Иван Толстой: Не справился с заданием.

Людмила Штерн: Не справился. Наша училка, Софья Ильинична, сказала: «Где ты нахваталась всего этого вздора?».

Иван Толстой: А от вздора сохранилось что-нибудь?

Людмила Штерн: Конечно, нет. Но это же было уже довольно много лет тому назад.

Иван Толстой: Может, в школьных архивах?

Людмила Штерн: Может быть, вполне.

Иван Толстой: Ну, хорошо, это родительская компания, это те архангелы, которые витали над семьей.
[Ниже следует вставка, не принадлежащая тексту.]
(* Let $\mathcal{V}$ be a non-trivial quantale and $\mathsf{F}\colon\mathbf{Set}\to\mathbf{Set}$ a functor. The monotone map $\mathsf{I}\colon\mathbf{Lax}(\mathsf{F})\to\mathbf{Lift}(\mathsf{F})_{\mathsf{I}}$, sending a lax extension to its induced lifting, is order-reflecting and right adjoint to the monotone map $\widehat{\mathsf{F}}^{\mathsf{M}\mathsf{P}(-)}\colon\mathbf{Lift}(\mathsf{F})_{\mathsf{I}}\to\mathbf{Lax}(\mathsf{F})$ sending a lifting $\overline{\mathsf{F}}$ to the Kantorovich extension of $\mathsf{F}$ with respect to the class of all monotone predicate liftings compatible with $\overline{\mathsf{F}}$.
   Context: A quantale $(\mathcal{V},\otimes,k)$ is a complete lattice with commutative monoid structure, each $u\otimes-$ preserving joins, $\hom(u,-)$ its right adjoint; non-trivial: $\bot\ne\top$. $\mathcal{V}$-categories $(X,a)$: $k\le a(x,x)$, $a(x,y)\otimes a(y,z)\le a(x,z)$; $\mathcal{V}$-functors: $a(x,y)\le b(f x,f y)$; initial $\mathcal{V}$-functors: equality; category $\mathbf{Cat}(\mathcal{V})$. $\mathcal{V}$-relations $r\colon X\nrightarrow Y$ are maps $X\times Y\to\mathcal{V}$, composed by $(s\cdot r)(x,z)=\bigvee_y r(x,y)\otimes s(y,z)$, with converse $r^\circ(y,x)=r(x,y)$, pointwise order, functions viewed as relations with value $k$ on the graph and $\bot$ elsewhere; $(r\multimap s)(z,y)=\bigwedge_x\hom(s(x,z),r(x,y))$ for $r\colon X\nrightarrow Y$, $s\colon X\nrightarrow Z$. A lax extension $\widehat{\mathsf{F}}$ of $\mathsf{F}$ maps $r\colon X\nrightarrow Y$ to $\widehat{\mathsf{F}}r\colon\mathsf{F}X\nrightarrow\mathsf{F}Y$ with (L1) monotonicity, (L2) $\widehat{\mathsf{F}}s\cdot\widehat{\mathsf{F}}r\le\widehat{\mathsf{F}}(s\cdot r)$, (L3) $\mathsf{F}f\le\widehat{\mathsf{F}}f$, $(\mathsf{F}f)^\circ\le\widehat{\mathsf{F}}(f^\circ)$; its induced lifting sends $(X,a)$ to $(\mathsf{F}X,\widehat{\mathsf{F}}a)$. $\mathbf{Lax}(\mathsf{F})$: lax extensions ordered pointwise. A lifting $\overline{\mathsf{F}}$ of $\mathsf{F}$ is a functor on $\mathbf{Cat}(\mathcal{V})$ with $|\overline{\mathsf{F}}-|=\mathsf{F}|-|$; $\mathbf{Lift}(\mathsf{F})_{\mathsf{I}}$: liftings preserving initial morphisms, ordered by $\overline{\mathsf{F}}\le\overline{\mathsf{F}}'$ iff the structure of $\overline{\mathsf{F}}(X,a)$ is pointwise below that of $\overline{\mathsf{F}}'(X,a)$ for all $(X,a)$. A $\kappa$-ary $\mathcal{V}$-valued predicate lifting is a natural transformation $\lambda\colon\mathbf{Set}(-,\mathcal{V}^\kappa)\to\mathbf{Set}(\mathsf{F}-,\mathcal{V})$, equivalently (identifying $f\colon X\to\mathcal{V}^\kappa$ with the relation $\kappa\nrightarrow X$, $(i,x)\mapsto f(x)(i)$, and maps $\mathsf{F}X\to\mathcal{V}$ with relations $1\nrightarrow\mathsf{F}X$) a natural family of maps from relations $\kappa\nrightarrow X$ to relations $1\nrightarrow\mathsf{F}X$; monotone if components are monotone pointwise. $\lambda$ is compatible with $\overline{\mathsf{F}}$ if $\lambda_{|X|}(f)\colon\overline{\mathsf{F}}X\to(\mathcal{V},\hom)$ is a $\mathcal{V}$-functor for every $\mathcal{V}$-functor $f\colon X\to\mathcal{V}^\kappa$ (where $\mathcal{V}^\kappa$ has structure $[f,g]=\bigwedge_i\hom(f(i),g(i))$). For a class $\Lambda$ of monotone predicate liftings, the Kantorovich extension (a lax extension of $\mathsf{F}$) is $\widehat{\mathsf{F}}^\Lambda r=\bigwedge_{\lambda\in\Lambda}\bigwedge_{g\colon\kappa\nrightarrow X}\lambda(r\cdot g)\multimap\lambda(g)$. *)

Set Implicit Arguments.

Record quantale := Quantale {
  qcar :> Type;
  qle : qcar -> qcar -> Prop;
  qle_refl : forall x, qle x x;
  qle_trans : forall x y z, qle x y -> qle y z -> qle x z;
  qle_antisym : forall x y, qle x y -> qle y x -> x = y;
  qsup : (qcar -> Prop) -> qcar;
  qsup_ub : forall (S : qcar -> Prop) x, S x -> qle x (qsup S);
  qsup_least : forall (S : qcar -> Prop) y, (forall x, S x -> qle x y) -> qle (qsup S) y;
  qten : qcar -> qcar -> qcar;
  qk : qcar;
  qten_assoc : forall x y z, qten x (qten y z) = qten (qten x y) z;
  qten_comm : forall x y, qten x y = qten y x;
  qten_k : forall x, qten qk x = x;
  qten_sup : forall u (S : qcar -> Prop),
      qten u (qsup S) = qsup (fun v => exists x, S x /\ v = qten u x)
}.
Людмила Штерн: Еще очень важно иметь в виду, что когда началась война, меня эвакуировали с детским садом, с интернатом Ленинградского отделения Союза писателей. Поэтому все дети тогдашних писателей росли вместе. В том числе, Боря Вахтин, в том числе Килька Каверин. Я была в самой младшей группе. Миша Казаков, с которым мы спали в одной дошкольной… Знаете, есть такая песня: «делили и хлеб и табак». Так вот мы делили горшок с Мишей Казаковым. Потому что на всех горшков не хватало. Это был Союз писателей в деревне Черной Пермской ныне, а раньше - Молотовской области. А потом родители, которые стали появляться и смогли выехать из постблокадного Ленинграда, стали забирать детей из интерната в Молотов. А в Молотове эвакуированным из Ленинграда была отдана единственная большая гостиница, так называемая, Семиэтажная, на улице Карла Маркса. И в этой гостинице жил Союз писателей, Мариинский театр и Хореографическое училище. Мариинскому театру также было отдано здание Оперного театра, который находился прямо напротив гостиницы, в сквере, и четыре года Мариинский театр гастролировал в Молотове. Поэтому когда уже стали возвращаться в Ленинград, а у многих балерин дома уже превратились в кучу щебня, некуда было вернуться, многие остались там. Поэтому не надо удивляться, что пермская балетная школа и сейчас одна из самых сильных. Потому что многие балерины Мариинского театра были педагогами и воспитали уже, наверное, третье поколение, плеяду замечательных балерин. А пока в Молотове не было детского сада, то договорились с Мариинским театром, что детей дошкольного возраста, которых забрали из интерната, утром в 9 утра запускать в театр на репетицию, чтобы они не бегали по улицам и не учились плохому. Поэтому я, например, видела «Евгения Онегина» 86 раз. Всю оперу, кроме сцены дуэли, потому что я была трусиха, и я убегала в уборную во время дуэли. Когда они пели «не засмеяться ль нам, пока не обагрилася рука, не разойтись ли полюбовно…» - вот до того, как они говорили «нет, нет», я уже вылетала в уборную. Потому что выстрел туда не доносился.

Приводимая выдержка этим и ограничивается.